After further work in Ukraine, the organization began looking for opportunities to expand its operations into other countries where a need for such services had been identified. In 2004, Peter Greer became HOPE's president after spending several years at various microfinance organizations and attending graduate school at Harvard University.

Homes for HOPE 
Homes for HOPE, an affiliate program of HOPE International, was established in 1998 by Jeff Rutt. Through Homes for HOPE, home builders and trade partners are able to build benefit homes on a pro bono basis. To date, the organization has raised more than $10,000,000 in support of HOPE International, and has completed projects in 23 states in the United States, as well as in Alberta, Canada. In 2008, Jeff Rutt was awarded the Hearthstone Builder Humanitarian Award for his humanitarian efforts.

Approach to poverty alleviation 
The organization operates through one of two models depending on the country of operation.
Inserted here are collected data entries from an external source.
(* Consider the decoding setting fixed in the context. Let $t_j=|\mathcal{A}_j|$ and run the index-collision-resolution procedure with $\hat t_j=t_j$. Assume that (no $E_1$) $t_j\le T$, and that (no $E_2$) whenever, during this run, the decoder $D$ of $\mathcal{C}$ is applied to a vector of the form $[\mathbf{c}+\tilde{\mathbf{z}}_j/2^{\ell}]\bmod 2$ with $\mathbf{c}\in\mathcal{C}$ and $\ell$ a nonnegative integer, it outputs $\mathbf{c}$. Then, for every iteration $\ell\ge1$ performed by the procedure: (i) $\hat t^{(\ell)}_j=|\mathcal{A}^{(\ell)}_j|$; (ii) $\mathbf{y}^{(\ell)}_j=\sum_{i\in\mathcal{A}^{(\ell)}_j}\mathbf{x}_{i,j}+\mathbf{z}_j/2^{\ell-1}$; (iii) the decoding $\Phi(\mathbf{y}^{(\ell)}_j,\hat t^{(\ell)}_j)$ of the $\ell$-th iteration is successful; (iv) $\mathcal{L}^{(\ell)}=\mathcal{U}(\mathcal{A}^{(\ell)}_j\setminus\mathcal{B}^{(\ell)}_j)$. Moreover, for the final iteration $\tau$, $\mathcal{B}^{(\tau)}_j=\emptyset$, and hence $\mathcal{L}^{(\tau)}=\mathcal{U}(\mathcal{A}^{(\tau)}_j)$.
   Context: Codes. Let $\mathbf{H}\in\{0,1\}^{m_p\times n_p}$ be a parity-check matrix of a binary linear code $\mathcal{C}_{\mathrm{aux}}$ of length $n_p$ with minimum Hamming distance $d$, and let $T=\lfloor (d-1)/2\rfloor$; denote the $u$-th column of $\mathbf{H}$ by $\mathbf{h}_u$. Let $\mathbf{G}\in\{0,1\}^{m_p\times n}$ be a generator matrix (full row rank) of a binary linear code $\mathcal{C}$ of length $n$ and dimension $m_p$. For $u\in\{1,\dots,n_p\}$ put $\mathbf{c}(u)=\mathbf{h}_u^T\mathbf{G}\bmod 2$ and define $\mathbf{x}(u)\in\mathbb{R}^n$ componentwise by $\mathbf{x}(u)_k=2a(\mathbf{c}(u)_k-1/2)$, where $a>0$ is fixed. Channel. In sub-block $j$, a finite set $\mathcal{A}_j$ of users transmits; user $i\in\mathcal{A}_j$ chose $u_i\in\{1,\dots,n_p\}$ and sends $\mathbf{x}_{i,j}=\mathbf{x}(u_i)$. The received vector is $\mathbf{y}_j=\sum_{i\in\mathcal{A}_j}\mathbf{x}(u_i)+\mathbf{z}_j$ with noise $\mathbf{z}_j\in\mathbb{R}^n$; put $\tilde{\mathbf{z}}_j=\mathbf{z}_j/(2a)$. ''$\bmod 2$'' on real vectors is componentwise reduction into $[0,2)$. Basic decoder $\Phi$. For $\mathbf{y}\in\mathbb{R}^n$ and integer $\hat t\ge0$: form $\tilde{\mathbf{y}}=[\mathbf{y}/(2a)+\hat t/2]\bmod 2$; apply a decoder $D$ for $\mathcal{C}$, obtaining $\tilde{\mathbf{c}}\in\mathcal{C}$ (or a flagged error); recover the unique $\tilde{\mathbf{h}}$ with $\tilde{\mathbf{h}}^T\mathbf{G}=\tilde{\mathbf{c}}\bmod 2$; apply the bounded-distance syndrome decoder of $\mathcal{C}_{\mathrm{aux}}$, which returns the unique $S\subseteq\{1,\dots,n_p\}$ with $|S|\le T$ and $\sum_{u\in S}\mathbf{h}_u=\tilde{\mathbf{h}}\bmod 2$ if it exists and flags an error otherwise. $\Phi(\mathbf{y},\hat t)$ is the returned set (or $\emptyset$ with a flagged error). ICR procedure for an estimate $\hat t_j$: $\mathbf{y}^{(1)}_j=\mathbf{y}_j$, $\hat t^{(1)}_j=\hat t_j$, $\mathcal{L}^{(1)}=\Phi(\mathbf{y}^{(1)}_j,\hat t^{(1)}_j)$. For $\ell\ge1$: if $|\mathcal{L}^{(\ell)}|=\hat t^{(\ell)}_j$, stop with $\tau=\ell$ and return $\mathcal{L}^{(1)},\dots,\mathcal{L}^{(\tau)}$; if $|\mathcal{L}^{(\ell)}|>\hat t^{(\ell)}_j$, return an error; if $|\mathcal{L}^{(\ell)}|<\hat t^{(\ell)}_j$, set $\hat t^{(\ell+1)}_j=(\hat t^{(\ell)}_j-|\mathcal{L}^{(\ell)}|)/2$ (error if not an integer), $\mathbf{y}^{(\ell+1)}_j=(\mathbf{y}^{(\ell)}_j-\sum_{u\in\mathcal{L}^{(\ell)}}\mathbf{x}(u))/2$, $\mathcal{L}^{(\ell+1)}=\Phi(\mathbf{y}^{(\ell+1)}_j,\hat t^{(\ell+1)}_j)$, and continue. Auxiliary sets. For $u\in\{1,\dots,n_p\}$ let $\mathcal{A}^{(1)}_j(u)=\{i\in\mathcal{A}_j:u_i=u\}$. For $\ell\ge1$, let $\mathcal{B}^{(\ell)}_j(u)\subseteq\mathcal{A}^{(\ell)}_j(u)$ be an (arbitrary) subset with $|\mathcal{B}^{(\ell)}_j(u)|=2\lfloor|\mathcal{A}^{(\ell)}_j(u)|/2\rfloor$, and $\mathcal{A}^{(\ell+1)}_j(u)\subseteq\mathcal{B}^{(\ell)}_j(u)$ an (arbitrary) subset with $|\mathcal{A}^{(\ell+1)}_j(u)|=|\mathcal{B}^{(\ell)}_j(u)|/2$. Put $\mathcal{A}^{(\ell)}_j=\bigcup_u\mathcal{A}^{(\ell)}_j(u)$, $\mathcal{B}^{(\ell)}_j=\bigcup_u\mathcal{B}^{(\ell)}_j(u)$. For a set $\mathcal{S}$ of users, $\mathcal{U}(\mathcal{S})=\{u_i:i\in\mathcal{S}\}$. *)

From HB Require Import structures.
From mathcomp Require Import all_boot all_order all_algebra.
From mathcomp Require Import reals.
Set Implicit Arguments. Unset Strict Implicit. Unset Printing Implicit Defensive.
Import Order.TTheory GRing.Theory Num.Theory.
Local Open Scope ring_scope.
The first method is the savings group program. Savings groups are formed by a group of 10 to 50 individuals who meet regularly to make savings deposits into a common fund. Clients regularly save money to stabilize household income, provide a safety net in emergencies, start or expand businesses, or pay for household expenses such as school fees. Many groups also allow for savers to take out loans as well as accumulate savings.

HOPE’s second model is microfinance institutions. This approach involves a group of 10-50 entrepreneurs who together receive loans from HOPE International or its local partner. Each loan recipient cross-guarantees the loans of other groups members since there is no form of collateral to offer for the loan. Accountability to the group provides a powerful incentive to make regular loan repayments.

In certain HOPE-network countries, entrepreneurs can also qualify for individual loans, typically for higher loan amounts than those in the group model. Clients may graduate from receiving group loans once they have proven credit-worthiness, or they may qualify from the start due to their financial situation, business success, or credit history.

Tracking outcomes 
HOPE desires to see families impacted across four domains: material, personal, social, and spiritual. In 2014, they formed a Listening, Monitoring, and Evaluation (LM&E) team to better understand the impact of their services. For example, in a survey conducted in Malawi in 2019, where HOPE has worked since 2013, they learned that 81% of savings group members surveyed reported being able to meet a significant financial emergency need within one month, compared to 37% of the broader Malawian population as reported by the World Bank in The Global FINDEX Database 2017.

Financial accountability 
HOPE International’s work is funded through individual donors, churches, foundations, businesses, and Homes for HOPE. From 2016-2021, approximately 97% of loans in the HOPE network were repaid. HOPE-network loan recipients repay loans with interest and investments remain in their local microfinance institution, stimulating the local economy and allowing for continued loan distribution.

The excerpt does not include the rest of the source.